• _About this exercise_
Return the records below word for word.

• _Data provided_
####
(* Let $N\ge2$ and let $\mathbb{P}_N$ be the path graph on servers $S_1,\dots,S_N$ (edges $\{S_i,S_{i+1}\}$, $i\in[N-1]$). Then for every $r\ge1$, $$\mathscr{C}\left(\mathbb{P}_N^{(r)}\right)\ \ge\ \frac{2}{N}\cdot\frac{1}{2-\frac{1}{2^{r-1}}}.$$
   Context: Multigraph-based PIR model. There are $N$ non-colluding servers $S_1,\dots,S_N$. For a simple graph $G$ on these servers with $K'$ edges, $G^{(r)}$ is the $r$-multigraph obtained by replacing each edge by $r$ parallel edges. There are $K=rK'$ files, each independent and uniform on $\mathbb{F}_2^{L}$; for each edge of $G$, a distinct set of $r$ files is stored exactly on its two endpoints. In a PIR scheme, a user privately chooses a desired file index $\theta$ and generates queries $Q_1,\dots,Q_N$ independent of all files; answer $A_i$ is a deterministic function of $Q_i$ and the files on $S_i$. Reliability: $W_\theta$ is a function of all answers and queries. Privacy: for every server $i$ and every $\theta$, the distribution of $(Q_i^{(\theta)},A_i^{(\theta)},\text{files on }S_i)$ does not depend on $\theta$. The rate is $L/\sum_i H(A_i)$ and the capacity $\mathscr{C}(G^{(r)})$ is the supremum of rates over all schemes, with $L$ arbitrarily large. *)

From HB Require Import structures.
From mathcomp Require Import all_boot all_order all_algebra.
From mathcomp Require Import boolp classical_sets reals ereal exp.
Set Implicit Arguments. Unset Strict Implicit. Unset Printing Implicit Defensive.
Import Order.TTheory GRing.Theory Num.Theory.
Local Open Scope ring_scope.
####
• _Response to this task_
(* Let $N\ge2$ and let $\mathbb{P}_N$ be the path graph on servers $S_1,\dots,S_N$ (edges $\{S_i,S_{i+1}\}$, $i\in[N-1]$). Then for every $r\ge1$, $$\mathscr{C}\left(\mathbb{P}_N^{(r)}\right)\ \ge\ \frac{2}{N}\cdot\frac{1}{2-\frac{1}{2^{r-1}}}.$$
   Context: Multigraph-based PIR model. There are $N$ non-colluding servers $S_1,\dots,S_N$. For a simple graph $G$ on these servers with $K'$ edges, $G^{(r)}$ is the $r$-multigraph obtained by replacing each edge by $r$ parallel edges. There are $K=rK'$ files, each independent and uniform on $\mathbb{F}_2^{L}$; for each edge of $G$, a distinct set of $r$ files is stored exactly on its two endpoints. In a PIR scheme, a user privately chooses a desired file index $\theta$ and generates queries $Q_1,\dots,Q_N$ independent of all files; answer $A_i$ is a deterministic function of $Q_i$ and the files on $S_i$. Reliability: $W_\theta$ is a function of all answers and queries. Privacy: for every server $i$ and every $\theta$, the distribution of $(Q_i^{(\theta)},A_i^{(\theta)},\text{files on }S_i)$ does not depend on $\theta$. The rate is $L/\sum_i H(A_i)$ and the capacity $\mathscr{C}(G^{(r)})$ is the supremum of rates over all schemes, with $L$ arbitrarily large. *)

From HB Require Import structures.
From mathcomp Require Import all_boot all_order all_algebra.
From mathcomp Require Import boolp classical_sets reals ereal exp.
Set Implicit Arguments. Unset Strict Implicit. Unset Printing Implicit Defensive.
Import Order.TTheory GRing.Theory Num.Theory.
Local Open Scope ring_scope.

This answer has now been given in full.